## Exercise prompt:
Exactly the lines below from the one with "Definition num_lists : nat" up to and including the one with "neighbour of a" make up the answer, with nothing else added.

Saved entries
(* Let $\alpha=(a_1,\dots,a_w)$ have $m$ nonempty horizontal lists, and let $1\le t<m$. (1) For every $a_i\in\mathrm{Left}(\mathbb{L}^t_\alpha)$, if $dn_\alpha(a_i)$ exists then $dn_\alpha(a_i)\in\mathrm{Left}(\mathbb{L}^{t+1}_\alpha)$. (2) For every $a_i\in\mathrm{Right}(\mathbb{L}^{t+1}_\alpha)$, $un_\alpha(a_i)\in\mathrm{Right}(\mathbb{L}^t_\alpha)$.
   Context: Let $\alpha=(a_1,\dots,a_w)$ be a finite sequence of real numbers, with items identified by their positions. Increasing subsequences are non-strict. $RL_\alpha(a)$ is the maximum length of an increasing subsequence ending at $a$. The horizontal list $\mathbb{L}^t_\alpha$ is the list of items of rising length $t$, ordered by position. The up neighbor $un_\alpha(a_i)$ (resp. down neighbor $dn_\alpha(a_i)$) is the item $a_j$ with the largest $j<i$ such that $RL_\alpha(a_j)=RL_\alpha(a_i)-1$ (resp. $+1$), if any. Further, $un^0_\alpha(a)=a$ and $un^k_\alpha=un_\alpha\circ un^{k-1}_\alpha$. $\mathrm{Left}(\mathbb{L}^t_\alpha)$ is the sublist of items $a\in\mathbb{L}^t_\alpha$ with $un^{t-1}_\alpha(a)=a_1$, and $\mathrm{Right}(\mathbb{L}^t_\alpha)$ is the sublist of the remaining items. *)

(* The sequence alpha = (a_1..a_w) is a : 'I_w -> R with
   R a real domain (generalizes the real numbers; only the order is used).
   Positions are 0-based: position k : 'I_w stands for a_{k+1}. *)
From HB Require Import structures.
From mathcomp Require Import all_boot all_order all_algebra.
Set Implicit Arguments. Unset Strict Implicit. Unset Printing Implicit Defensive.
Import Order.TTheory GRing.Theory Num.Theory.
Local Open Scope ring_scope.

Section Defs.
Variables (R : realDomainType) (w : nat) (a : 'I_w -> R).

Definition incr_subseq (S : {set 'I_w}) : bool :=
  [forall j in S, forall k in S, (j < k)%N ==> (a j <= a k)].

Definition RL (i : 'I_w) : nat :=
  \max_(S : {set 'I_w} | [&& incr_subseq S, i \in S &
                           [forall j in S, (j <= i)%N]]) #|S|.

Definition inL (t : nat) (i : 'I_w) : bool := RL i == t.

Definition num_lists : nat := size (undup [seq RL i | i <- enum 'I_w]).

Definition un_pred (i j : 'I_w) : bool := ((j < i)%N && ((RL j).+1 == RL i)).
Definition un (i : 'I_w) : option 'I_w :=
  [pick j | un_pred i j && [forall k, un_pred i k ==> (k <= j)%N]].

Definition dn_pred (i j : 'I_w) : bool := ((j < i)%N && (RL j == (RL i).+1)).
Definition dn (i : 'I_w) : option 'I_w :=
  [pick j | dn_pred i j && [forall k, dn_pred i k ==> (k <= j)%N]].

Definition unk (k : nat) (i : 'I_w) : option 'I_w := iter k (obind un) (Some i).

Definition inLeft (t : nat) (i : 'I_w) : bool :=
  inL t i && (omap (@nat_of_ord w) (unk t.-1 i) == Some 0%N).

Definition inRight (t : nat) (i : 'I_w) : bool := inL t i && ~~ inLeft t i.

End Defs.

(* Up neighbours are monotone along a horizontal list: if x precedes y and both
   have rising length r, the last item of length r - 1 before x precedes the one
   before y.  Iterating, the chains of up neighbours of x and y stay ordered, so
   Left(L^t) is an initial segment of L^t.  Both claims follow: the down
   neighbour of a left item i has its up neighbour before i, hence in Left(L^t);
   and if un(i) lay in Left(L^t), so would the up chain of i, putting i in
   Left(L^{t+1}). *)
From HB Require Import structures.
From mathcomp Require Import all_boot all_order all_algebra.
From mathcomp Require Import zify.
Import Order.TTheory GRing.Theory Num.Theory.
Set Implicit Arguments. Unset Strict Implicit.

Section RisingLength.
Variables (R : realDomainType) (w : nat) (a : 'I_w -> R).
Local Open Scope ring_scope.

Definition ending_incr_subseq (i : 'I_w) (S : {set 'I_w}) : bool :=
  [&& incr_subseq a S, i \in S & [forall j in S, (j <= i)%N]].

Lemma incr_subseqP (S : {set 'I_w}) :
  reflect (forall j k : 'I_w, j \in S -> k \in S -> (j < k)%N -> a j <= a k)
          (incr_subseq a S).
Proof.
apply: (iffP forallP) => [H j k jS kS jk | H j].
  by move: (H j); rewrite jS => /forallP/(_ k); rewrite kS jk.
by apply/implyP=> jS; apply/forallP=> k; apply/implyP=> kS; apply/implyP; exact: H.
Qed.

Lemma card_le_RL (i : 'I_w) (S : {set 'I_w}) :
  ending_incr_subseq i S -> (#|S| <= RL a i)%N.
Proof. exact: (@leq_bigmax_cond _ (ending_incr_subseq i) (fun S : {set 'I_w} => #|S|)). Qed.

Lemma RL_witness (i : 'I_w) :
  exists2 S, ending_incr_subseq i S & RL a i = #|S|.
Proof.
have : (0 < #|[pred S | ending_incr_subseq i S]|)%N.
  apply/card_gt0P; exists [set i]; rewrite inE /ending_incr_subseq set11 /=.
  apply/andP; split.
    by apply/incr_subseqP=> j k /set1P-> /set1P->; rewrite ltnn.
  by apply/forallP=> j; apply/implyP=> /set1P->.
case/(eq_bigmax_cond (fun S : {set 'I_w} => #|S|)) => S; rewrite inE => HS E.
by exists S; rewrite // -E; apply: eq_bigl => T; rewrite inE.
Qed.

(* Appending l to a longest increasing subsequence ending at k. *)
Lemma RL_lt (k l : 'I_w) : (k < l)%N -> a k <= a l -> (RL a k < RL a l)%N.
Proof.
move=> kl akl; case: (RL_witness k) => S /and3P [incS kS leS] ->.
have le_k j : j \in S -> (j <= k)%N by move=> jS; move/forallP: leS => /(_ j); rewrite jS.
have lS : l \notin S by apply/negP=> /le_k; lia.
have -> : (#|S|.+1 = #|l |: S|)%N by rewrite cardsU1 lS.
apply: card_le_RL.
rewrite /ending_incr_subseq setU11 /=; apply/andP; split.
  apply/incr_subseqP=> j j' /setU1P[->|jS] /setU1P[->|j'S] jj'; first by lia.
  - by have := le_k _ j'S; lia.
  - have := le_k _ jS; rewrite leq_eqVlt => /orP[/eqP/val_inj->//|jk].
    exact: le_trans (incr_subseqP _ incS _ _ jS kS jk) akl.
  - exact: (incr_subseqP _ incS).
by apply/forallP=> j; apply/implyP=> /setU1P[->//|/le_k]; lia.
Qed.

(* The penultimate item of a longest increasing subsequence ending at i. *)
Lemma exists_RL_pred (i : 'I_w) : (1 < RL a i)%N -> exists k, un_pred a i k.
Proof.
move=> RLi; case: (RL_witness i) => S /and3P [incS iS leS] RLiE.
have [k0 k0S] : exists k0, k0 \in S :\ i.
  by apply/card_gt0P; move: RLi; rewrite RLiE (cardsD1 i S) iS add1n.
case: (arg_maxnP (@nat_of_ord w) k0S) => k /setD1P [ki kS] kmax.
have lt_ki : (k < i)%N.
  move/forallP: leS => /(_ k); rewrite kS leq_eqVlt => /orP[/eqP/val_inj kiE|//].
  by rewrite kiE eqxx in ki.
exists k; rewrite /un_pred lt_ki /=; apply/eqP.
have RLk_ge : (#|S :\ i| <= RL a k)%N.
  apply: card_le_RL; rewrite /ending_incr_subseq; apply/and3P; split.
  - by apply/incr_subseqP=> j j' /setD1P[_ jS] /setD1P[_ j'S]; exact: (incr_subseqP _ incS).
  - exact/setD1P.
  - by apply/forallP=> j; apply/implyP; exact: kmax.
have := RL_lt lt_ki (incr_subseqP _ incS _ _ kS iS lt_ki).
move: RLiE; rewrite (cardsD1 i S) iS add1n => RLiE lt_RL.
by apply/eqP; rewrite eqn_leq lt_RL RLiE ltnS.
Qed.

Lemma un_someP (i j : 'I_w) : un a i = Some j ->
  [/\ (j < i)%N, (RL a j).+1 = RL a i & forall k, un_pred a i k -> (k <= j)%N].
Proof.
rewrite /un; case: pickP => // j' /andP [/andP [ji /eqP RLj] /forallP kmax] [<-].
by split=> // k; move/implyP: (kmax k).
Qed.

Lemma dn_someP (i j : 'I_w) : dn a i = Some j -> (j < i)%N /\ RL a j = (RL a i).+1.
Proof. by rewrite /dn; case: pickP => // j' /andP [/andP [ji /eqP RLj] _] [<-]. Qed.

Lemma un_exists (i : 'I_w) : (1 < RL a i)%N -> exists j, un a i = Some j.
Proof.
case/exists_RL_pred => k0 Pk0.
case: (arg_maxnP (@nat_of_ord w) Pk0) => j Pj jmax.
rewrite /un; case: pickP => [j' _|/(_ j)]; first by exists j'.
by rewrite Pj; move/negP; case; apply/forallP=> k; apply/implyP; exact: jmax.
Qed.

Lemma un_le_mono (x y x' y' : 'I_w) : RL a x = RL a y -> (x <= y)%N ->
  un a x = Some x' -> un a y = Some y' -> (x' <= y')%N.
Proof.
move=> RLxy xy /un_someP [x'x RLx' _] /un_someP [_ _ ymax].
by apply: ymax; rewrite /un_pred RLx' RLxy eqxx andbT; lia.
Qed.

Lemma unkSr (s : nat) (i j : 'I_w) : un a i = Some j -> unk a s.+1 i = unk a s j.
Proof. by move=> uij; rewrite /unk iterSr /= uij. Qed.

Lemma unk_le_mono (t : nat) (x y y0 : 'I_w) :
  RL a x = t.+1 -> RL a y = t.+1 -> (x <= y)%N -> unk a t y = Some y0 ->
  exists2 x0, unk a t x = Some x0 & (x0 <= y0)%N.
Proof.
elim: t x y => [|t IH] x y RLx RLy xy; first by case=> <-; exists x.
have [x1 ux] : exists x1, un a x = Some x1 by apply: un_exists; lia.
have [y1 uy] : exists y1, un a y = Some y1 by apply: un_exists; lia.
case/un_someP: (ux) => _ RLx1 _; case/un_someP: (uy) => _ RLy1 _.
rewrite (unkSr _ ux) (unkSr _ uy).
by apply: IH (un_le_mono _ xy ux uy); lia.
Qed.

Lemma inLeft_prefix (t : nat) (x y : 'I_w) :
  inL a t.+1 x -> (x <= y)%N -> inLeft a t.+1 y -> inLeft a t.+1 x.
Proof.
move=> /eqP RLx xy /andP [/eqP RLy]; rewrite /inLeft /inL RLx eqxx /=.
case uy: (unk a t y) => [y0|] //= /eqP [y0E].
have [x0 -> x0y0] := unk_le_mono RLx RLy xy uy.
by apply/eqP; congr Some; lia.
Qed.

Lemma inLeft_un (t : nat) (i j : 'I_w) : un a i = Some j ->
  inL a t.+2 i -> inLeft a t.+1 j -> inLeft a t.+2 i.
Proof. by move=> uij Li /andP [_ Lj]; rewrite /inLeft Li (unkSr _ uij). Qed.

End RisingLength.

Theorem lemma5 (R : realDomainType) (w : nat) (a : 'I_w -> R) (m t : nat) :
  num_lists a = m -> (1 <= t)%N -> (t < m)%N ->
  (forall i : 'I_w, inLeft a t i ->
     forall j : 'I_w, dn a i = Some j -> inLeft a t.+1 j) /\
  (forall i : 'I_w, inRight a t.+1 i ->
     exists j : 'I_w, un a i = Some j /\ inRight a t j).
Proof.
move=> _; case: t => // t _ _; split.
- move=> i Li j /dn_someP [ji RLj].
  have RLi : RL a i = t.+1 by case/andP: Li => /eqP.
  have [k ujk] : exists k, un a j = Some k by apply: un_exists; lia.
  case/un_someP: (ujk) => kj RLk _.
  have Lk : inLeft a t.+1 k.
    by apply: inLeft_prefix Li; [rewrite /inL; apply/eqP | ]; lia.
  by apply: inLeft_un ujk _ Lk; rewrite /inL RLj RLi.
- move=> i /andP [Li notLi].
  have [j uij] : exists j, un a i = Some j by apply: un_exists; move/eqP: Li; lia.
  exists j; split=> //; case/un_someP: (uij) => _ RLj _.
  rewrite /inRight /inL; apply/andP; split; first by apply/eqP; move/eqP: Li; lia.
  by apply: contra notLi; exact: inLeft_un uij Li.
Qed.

## Response area:
Definition num_lists : nat := size (undup [seq RL i | i <- enum 'I_w]).

Definition un_pred (i j : 'I_w) : bool := ((j < i)%N && ((RL j).+1 == RL i)).
Definition un (i : 'I_w) : option 'I_w :=
  [pick j | un_pred i j && [forall k, un_pred i k ==> (k <= j)%N]].

Definition dn_pred (i j : 'I_w) : bool := ((j < i)%N && (RL j == (RL i).+1)).
Definition dn (i : 'I_w) : option 'I_w :=
  [pick j | dn_pred i j && [forall k, dn_pred i k ==> (k <= j)%N]].

Definition unk (k : nat) (i : 'I_w) : option 'I_w := iter k (obind un) (Some i).

Definition inLeft (t : nat) (i : 'I_w) : bool :=
  inL t i && (omap (@nat_of_ord w) (unk t.-1 i) == Some 0%N).

Definition inRight (t : nat) (i : 'I_w) : bool := inL t i && ~~ inLeft t i.

End Defs.

(* Up neighbours are monotone along a horizontal list: if x precedes y and both
   have rising length r, the last item of length r - 1 before x precedes the one
   before y.  Iterating, the chains of up neighbours of x and y stay ordered, so
   Left(L^t) is an initial segment of L^t.  Both claims follow: the down
   neighbour of a left item i has its up neighbour before i, hence in Left(L^t);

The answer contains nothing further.